To Paul, her irresponsibility is exotic, but to everyone else, she's just a pain. But she doesn't seem to notice as she dreams of managing a punk band and moving to Los Angeles where she wants to "be in a swimming pool, eating tacos and signing autographs." Berman, who has appeared in only one film since (Seidelman's "Making Mr. Right"), creates a fascinating girl-woman, amoral and innocent, a perpetual outsider who thinks she is an insider and seemingly doomed by her personality. But Seidelman doesn't turn this pitiful girl's life into a maudlin TV Movie of the Week; it's fun and funny, and the studied seriousness of punk is given a ribbing.

Three years later, Seidelman used the same milieu in her big-budget commercial hit "Desperately Seeking Susan." But "Smithereens" is the rough, home-movie version--the real thing.

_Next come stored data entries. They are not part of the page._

(* Let $S\subset\mathbb N$ be finite. The following are equivalent: (1) $S$ is not a caterpillar; (2) there is a subset $T\subset S$ whose split is $T=(L,R)$ with $|L|,|R|\geq 2$; (3) there is a subset $T\subset S$ whose split is $T=(L,R)$ with $|L|=|R|=2$. Consequently, every subset of a caterpillar is a caterpillar.
   Context: For $m\in\mathbb N$ let $d(m)$ be the finite set of integers with $m=\sum_{i\in d(m)}2^i$. For a finite $S\subset\mathbb N$ with $|S|\geq2$, its first splitting index is $s(S)=\max\{i:\exists x,y\in S,\ i\in d(x)\setminus d(y)\}$; with $S_0=\{x\in S:s(S)\notin d(x)\}$ and $S_1=\{x\in S:s(S)\in d(x)\}$ (both nonempty), $(S_0,S_1)$ is the split of $S$, written $S=(S_0,S_1)$. Caterpillars are defined recursively: the empty set and all singletons are caterpillars; a finite $S\subset\mathbb N$ with $|S|\geq2$ and split $(S_0,S_1)$ is a caterpillar iff one of $S_0,S_1$ is a singleton and the other is a caterpillar. *)

From HB Require Import structures.
From mathcomp Require Import all_boot all_order.
From mathcomp Require Import finmap.
Set Implicit Arguments. Unset Strict Implicit. Unset Printing Implicit Defensive.
Local Open Scope fset_scope.

(* i \in d(m): the i-th binary digit of m is 1 *)
Definition bitn (m i : nat) : bool := odd (m %/ 2 ^ i).

Definition separating (S : {fset nat}) (i : nat) : Prop :=
  exists x y, [/\ x \in S, y \in S, bitn x i & ~~ bitn y i].

Definition split_index (S : {fset nat}) (i : nat) : Prop :=
  separating S i /\ forall j, separating S j -> j <= i.

Definition is_split (S L R : {fset nat}) : Prop :=
  2 <= #|` S| /\
  exists i, [/\ split_index S i,
                L = [fset x in S | ~~ bitn x i] &
                R = [fset x in S | bitn x i]].

Inductive caterpillar : {fset nat} -> Prop :=
| cat_empty : caterpillar fset0
| cat_single x : caterpillar [fset x]
| cat_left S L R : is_split S L R -> #|` L| = 1 -> caterpillar R -> caterpillar S
| cat_right S L R : is_split S L R -> #|` R| = 1 -> caterpillar L -> caterpillar S.

From HB Require Import structures.
From mathcomp Require Import all_boot all_order.
From mathcomp Require Import finmap zify.
Set Implicit Arguments. Unset Strict Implicit. Unset Printing Implicit Defensive.
Local Open Scope fset_scope.

(* Everything is phrased through the two "parts" of a set T at a digit i,
   part T i b = {x in T | the i-th binary digit of x is b}: the split of T is
   (part T i false, part T i true) at its splitting index i, which exists as
   soon as |T| >= 2 (distinct numbers differ in some digit, and only finitely
   many digits are separating) and is unique.
   - Heredity: if i splits S and T ⊆ S, then either one part of T at i is
     empty (so T is a part of itself) or i also splits T, with parts
     contained in those of S; induction on the caterpillar S finishes.
   - A split with two sides of size >= 2 is not a caterpillar, by uniqueness
     of the split; with heredity this gives (2) => (1).
   - (1) => (2): by strong induction on |S|, the split of a non-caterpillar
     either has two big sides or a singleton side whose complement is a
     smaller non-caterpillar.
   - (2) => (3): choosing two elements in each side A, B of the split, the
     union of these pairs has exactly these pairs as its split. *)

Lemma bitn_half x i : bitn x i.+1 = bitn (x %/ 2) i.
Proof. by rewrite /bitn expnS divnMA. Qed.

Lemma bitn_inj x y : x != y -> exists i, bitn x i != bitn y i.
Proof.
move: {2}(x + y)%N (leqnn (x + y)) => n.
elim: n x y => [|n IH] x y hn /eqP hxy; first by exfalso; lia.
have [hodd|hodd] := eqVneq (odd x) (odd y); last first.
  by exists 0; rewrite /bitn expn0 !divn1.
have hhalf : x %/ 2 != y %/ 2.
  apply/eqP => e; apply: hxy.
  by rewrite (divn_eq x 2) (divn_eq y 2) e !modn2 hodd.
have [|i hi] := IH (x %/ 2) (y %/ 2) _ hhalf; first by lia.
by exists i.+1; rewrite !bitn_half.
Qed.

(* A number is at least 2 ^ j when its j-th digit is set, so j < x. *)
Lemma bitn_lt x j : bitn x j -> j < x.
Proof.
rewrite /bitn => h.
have : 2 ^ j <= x by rewrite leqNgt; apply/negP => hl; rewrite divn_small in h.
exact: leq_trans (ltn_expl j (ltnSn 1)).
Qed.

Definition separatingb (S : {fset nat}) (i : nat) : bool :=
  has (fun x => bitn x i && has (fun y => ~~ bitn y i) S) S.

Lemma separatingP S i : reflect (separating S i) (separatingb S i).
Proof.
apply: (iffP hasP) => [[x hx /andP [bx /hasP [y hy byi]]]|[x [y [hx hy bx byi]]]].
  by exists x, y.
by exists x => //; rewrite bx; apply/hasP; exists y.
Qed.

Lemma two_elems (S : {fset nat}) : 2 <= #|` S| ->
  exists x y, [/\ x \in S, y \in S & x != y].
Proof.
move=> h.
have /fset0Pn [x hx] : S != fset0 by rewrite -cardfs_gt0; apply: ltnW.
have /fset0Pn [y] : S `\ x != fset0.
  by rewrite -cardfs_gt0; move: h; rewrite (cardfsD1 x) hx.
by rewrite in_fsetD1 => /andP [hyx hy]; exists x, y; rewrite eq_sym.
Qed.

(* Every set with at least two elements has a splitting index: some digit
   separates two of its elements, and separating digits are bounded by max S. *)
Lemma split_index_exists (S : {fset nat}) : 2 <= #|` S| -> exists i, split_index S i.
Proof.
move=> /two_elems [x [y [hx hy /bitn_inj [i hi]]]].
have sep : exists i, separatingb S i.
  exists i; apply/separatingP.
  by case bx: (bitn x i) hi => /= hi; [exists x, y | exists y, x];
    rewrite ?bx //; move: hi; case: bitn.
have bound j : separatingb S j -> j <= \max_(z <- S) z.
  move=> /separatingP [z [_ [hz _ bz _]]].
  exact: leq_trans (ltnW (bitn_lt bz)) (leq_bigmax_seq _ hz erefl).
case: (ex_maxnP sep bound) => m /separatingP hm hmax.
by exists m; split => // j /separatingP; apply: hmax.
Qed.

Lemma split_index_unique S i j : split_index S i -> split_index S j -> i = j.
Proof. by move=> [hi mi] [hj mj]; apply/eqP; rewrite eqn_leq mi // mj. Qed.

Definition part (T : {fset nat}) (i : nat) (b : bool) : {fset nat} :=
  [fset x in T | bitn x i == b].

Lemma part_sub T i b : part T i b `<=` T.
Proof. by apply/fsubsetP => x; rewrite !inE => /andP []. Qed.

Lemma partS S T i b : T `<=` S -> part T i b `<=` part S i b.
Proof.
move=> sub; apply/fsubsetP => x; rewrite !inE => /andP [hx ->].
by rewrite (fsubsetP sub x hx).
Qed.

Lemma card_parts T i b : (#|` part T i b| + #|` part T i (~~ b)|)%N = #|` T|.
Proof.
rewrite -cardfsUI.
have -> : part T i b `|` part T i (~~ b) = T.
  by apply/fsetP => x; rewrite !inE; case: (x \in T); case: bitn; case: b.
have -> : part T i b `&` part T i (~~ b) = fset0.
  by apply/fsetP => x; rewrite !inE; case: (x \in T); case: bitn; case: b.
by rewrite cardfs0 addn0.
Qed.

Lemma part_full T i b : part T i b = fset0 -> T = part T i (~~ b).
Proof.
move=> e; apply/fsetP => x; rewrite !inE.
case hx: (x \in T) => //=.
have : x \notin part T i b by rewrite e inE.
by rewrite !inE hx; case: b {e}; case: bitn.
Qed.

Lemma is_splitE T L R : is_split T L R <->
  exists i, [/\ split_index T i, L = part T i false & R = part T i true].
Proof.
have partF i : part T i false = [fset x in T | ~~ bitn x i].
  by apply/fsetP => x; rewrite !inE eqbF_neg.
have partT i : part T i true = [fset x in T | bitn x i].
  by apply/fsetP => x; rewrite !inE eqb_id.
split=> [[_ [i [si -> ->]]]|[i [si -> ->]]].
  by exists i; rewrite partF partT.
have [[x [y [hx hy bx byi]]] _] := si.
have xy : x != y by apply: contraNneq byi => <-.
split; last by exists i; rewrite partF partT.
apply: leq_trans (fsubset_leq_card (_ : [fset x; y] `<=` T)); first by rewrite cardfs2 xy.
by apply/fsubsetP => z; rewrite !inE => /orP [] /eqP ->.
Qed.

Lemma is_split_unique T L R L' R' :
  is_split T L R -> is_split T L' R' -> L = L' /\ R = R'.
Proof.
move=> /is_splitE [i [si -> ->]] /is_splitE [j [sj -> ->]].
by rewrite (split_index_unique si sj).
Qed.

Lemma part_nonempty T i b : split_index T i -> part T i b != fset0.
Proof.
move=> [[x [y [hx hy bx byi]]] _]; apply/fset0Pn.
by case: b; [exists x | exists y]; rewrite !inE ?hx ?hy ?bx ?(negbTE byi).
Qed.

Lemma split_index_sub S T i b : split_index S i -> T `<=` S ->
  part T i b != fset0 -> part T i (~~ b) != fset0 -> split_index T i.
Proof.
move=> [_ maxi] sub /fset0Pn [x] /[!inE] /andP [hx /eqP bx]
  /fset0Pn [y] /[!inE] /andP [hy /eqP byi].
split=> [|j [u [v [hu hv buv nbv]]]]; last first.
  by apply: maxi; exists u, v; split=> //; apply: (fsubsetP sub).
by case: b bx byi => bx byi; [exists x, y | exists y, x]; rewrite ?bx ?byi.
Qed.

Lemma cat_small (T : {fset nat}) : #|` T| <= 1 -> caterpillar T.
Proof.
rewrite leq_eqVlt ltnS leqn0 => /orP [/cardfs1P [x ->]|/eqP/cardfs0_eq ->].
  exact: cat_single.
exact: cat_empty.
Qed.

(* A set whose split has a singleton side b and a caterpillar side ~~ b is a
   caterpillar; this covers both recursive constructors at once. *)
Lemma caterpillar_of_parts T i b : split_index T i ->
  #|` part T i b| = 1 -> caterpillar (part T i (~~ b)) -> caterpillar T.
Proof.
move=> si h1 hc.
have hs : is_split T (part T i false) (part T i true) by apply/is_splitE; exists i.
by case: b h1 hc => h1 hc; [apply: cat_right hs h1 hc | apply: cat_left hs h1 hc].
Qed.

Lemma caterpillar_restrict S T i b : split_index S i -> T `<=` S ->
  #|` part T i b| <= 1 -> caterpillar (part T i (~~ b)) -> caterpillar T.
Proof.
move=> si sub hb hc.
have [e|ne] := eqVneq (part T i b) fset0; first by rewrite (part_full e).
have [e'|ne'] := eqVneq (part T i (~~ b)) fset0.
  by rewrite (part_full e') negbK; apply: cat_small.
apply: (caterpillar_of_parts (split_index_sub si sub ne ne')) hc.
by apply/eqP; rewrite eqn_leq hb cardfs_gt0.
Qed.

Lemma caterpillar_sub S : caterpillar S -> forall T, T `<=` S -> caterpillar T.
Proof.
elim=> {S} [|x|S L R hs hL _ IH|S L R hs hR _ IH] T sub.
- by apply: cat_small; move: (fsubset_leq_card sub); rewrite cardfs0; lia.
- by apply: cat_small; move: (fsubset_leq_card sub); rewrite cardfs1.
- have /is_splitE [i [si eL eR]] := hs.
  apply: (caterpillar_restrict (b := false) si sub); last first.
    by apply: IH; rewrite eR; apply: partS.
  by rewrite -hL eL; apply/fsubset_leq_card/partS.
- have /is_splitE [i [si eL eR]] := hs.
  apply: (caterpillar_restrict (b := true) si sub); last first.
    by apply: IH; rewrite eL; apply: partS.
  by rewrite -hR eR; apply/fsubset_leq_card/partS.
Qed.

(* A split with two sides of size at least 2 is not a caterpillar: the split
   is unique, so neither recursive constructor applies. *)
Lemma not_caterpillar_big_split T L R :
  is_split T L R -> 2 <= #|` L| -> 2 <= #|` R| -> ~ caterpillar T.
Proof.
move=> hs hL hR hc; case: T / hc hs.
- by move=> [h _]; rewrite cardfs0 in h.
- by move=> x [h _]; rewrite cardfs1 in h.
- by move=> T L' R' hs' h1 _ /is_split_unique/(_ hs') [e _]; rewrite e h1 in hL.
- by move=> T L' R' hs' h1 _ /is_split_unique/(_ hs') [_ e]; rewrite e h1 in hR.
Qed.

Lemma big_split_of_not_caterpillar S : ~ caterpillar S ->
  exists T L R, [/\ T `<=` S, is_split T L R, 2 <= #|` L| & 2 <= #|` R|].
Proof.
move: {2}#|` S| (leqnn #|` S|) => n; elim: n S => [|n IH] S hn hc.
  by case: hc; apply: cat_small; lia.
have [small|two] := leqP #|` S| 1; first by case: hc; apply: cat_small.
have [i si] := split_index_exists two.
have [big|] := boolP ((2 <= #|` part S i false|) && (2 <= #|` part S i true|)).
  case/andP: big => hF hT; exists S, (part S i false), (part S i true).
  by split=> //; apply/is_splitE; exists i.
rewrite negb_and -!ltnNge !ltnS => hsmall.
have [b hb] : exists b, #|` part S i b| <= 1.
  by case/orP: hsmall; [exists false | exists true].
have h1 : #|` part S i b| = 1.
  by apply/eqP; rewrite eqn_leq hb cardfs_gt0 part_nonempty.
have hc' : ~ caterpillar (part S i (~~ b)) by move/(caterpillar_of_parts si h1).
have [|T [L [R [sub hs hL hR]]]] := IH _ _ hc'.
  by move: (card_parts S i b); rewrite h1; lia.
by exists T, L, R; split=> //; apply: fsubset_trans sub (part_sub _ _ _).
Qed.

Lemma split_union T L R A B : is_split T L R -> A `<=` L -> B `<=` R ->
  A != fset0 -> B != fset0 -> A `|` B `<=` T /\ is_split (A `|` B) A B.
Proof.
move=> /is_splitE [i [si -> ->]] sA sB nA nB.
have bitA x : x \in A -> bitn x i = false.
  by move=> /(fsubsetP sA); rewrite !inE => /andP [_ /eqP].
have bitB x : x \in B -> bitn x i = true.
  by move=> /(fsubsetP sB); rewrite !inE => /andP [_ /eqP].
have partAB b : part (A `|` B) i b = if b then B else A.
  apply/fsetP => x; rewrite !inE.
  have [hA|hA] := boolP (x \in A).
    have hBx : x \notin B by apply/negP => /bitB; rewrite bitA.
    by rewrite bitA //; case: b; rewrite /= ?hA ?(negbTE hBx).
  have [hB|hB] := boolP (x \in B).
    by rewrite bitB //; case: b; rewrite /= ?hB ?(negbTE hA).
  by case: b; rewrite /= ?(negbTE hA) ?(negbTE hB).
have sub : A `|` B `<=` T.
  by rewrite fsubUset; apply/andP; split;
    [apply: fsubset_trans sA _ | apply: fsubset_trans sB _]; apply: part_sub.
split=> //; apply/is_splitE; exists i; rewrite !partAB; split=> //.
by apply: (split_index_sub (b := false) si sub); rewrite partAB.
Qed.

Lemma pair_split_of_big_split T L R :
  is_split T L R -> 2 <= #|` L| -> 2 <= #|` R| ->
  exists T' L' R', [/\ T' `<=` T, is_split T' L' R', #|` L'| = 2 & #|` R'| = 2].
Proof.
move=> hs /two_elems [a [b [ha hb ab]]] /two_elems [c [d [hc hd cd]]].
have pair_sub (X : {fset nat}) x y : x \in X -> y \in X -> [fset x; y] `<=` X.
  by move=> hx hy; apply/fsubsetP => z; rewrite !inE => /orP [] /eqP ->.
have pair_nonempty x y : [fset x; y] != fset0 :> {fset nat}.
  by apply/fset0Pn; exists x; rewrite !inE eqxx.
have [sub hs'] := split_union hs (pair_sub _ _ _ ha hb) (pair_sub _ _ _ hc hd)
  (pair_nonempty a b) (pair_nonempty c d).
exists ([fset a; b] `|` [fset c; d]), [fset a; b], [fset c; d].
by rewrite !cardfs2 ab cd.
Qed.

Theorem mainTheorem4 :
  (forall S : {fset nat},
    (~ caterpillar S <->
       exists T L R, [/\ T `<=` S, is_split T L R, 2 <= #|` L| & 2 <= #|` R|]) /\
    ((exists T L R, [/\ T `<=` S, is_split T L R, 2 <= #|` L| & 2 <= #|` R|]) <->
       exists T L R, [/\ T `<=` S, is_split T L R, #|` L| = 2 & #|` R| = 2])) /\
  (forall S T : {fset nat}, caterpillar S -> T `<=` S -> caterpillar T).
Proof.
split; last by move=> S T hS; apply: caterpillar_sub.
move=> S; split; split.
- exact: big_split_of_not_caterpillar.
- move=> [T [L [R [sub hs hL hR]]]] hc.
  exact: not_caterpillar_big_split hs hL hR (caterpillar_sub hc sub).
- move=> [T [L [R [sub hs hL hR]]]].
  have [T' [L' [R' [sub' hs' hL' hR']]]] := pair_split_of_big_split hs hL hR.
  by exists T', L', R'; split=> //; apply: fsubset_trans sub' sub.
- move=> [T [L [R [sub hs hL hR]]]].
  by exists T, L, R; rewrite hL hR.
Qed.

"Smithereens" (1982), directed by Susan Seidelman. 90 minutes. No rating.

"Moonlighting" (1982), directed by Jerzy Skolimowski. 97 minutes. Rated PG. An unforgettable story of four Polish construction workers sent to London to renovate the foreign getaway of their wealthy boss. It's comical, touching, newsy and political, a heartfelt tale of workingmen's values and Western consumerism.

"Smile" (1975), directed by Michael Ritchie. 113 minutes. Rated PG. A Michael Ritchie film about America's unbending faith in traditions and pageantry, no matter how tarnished.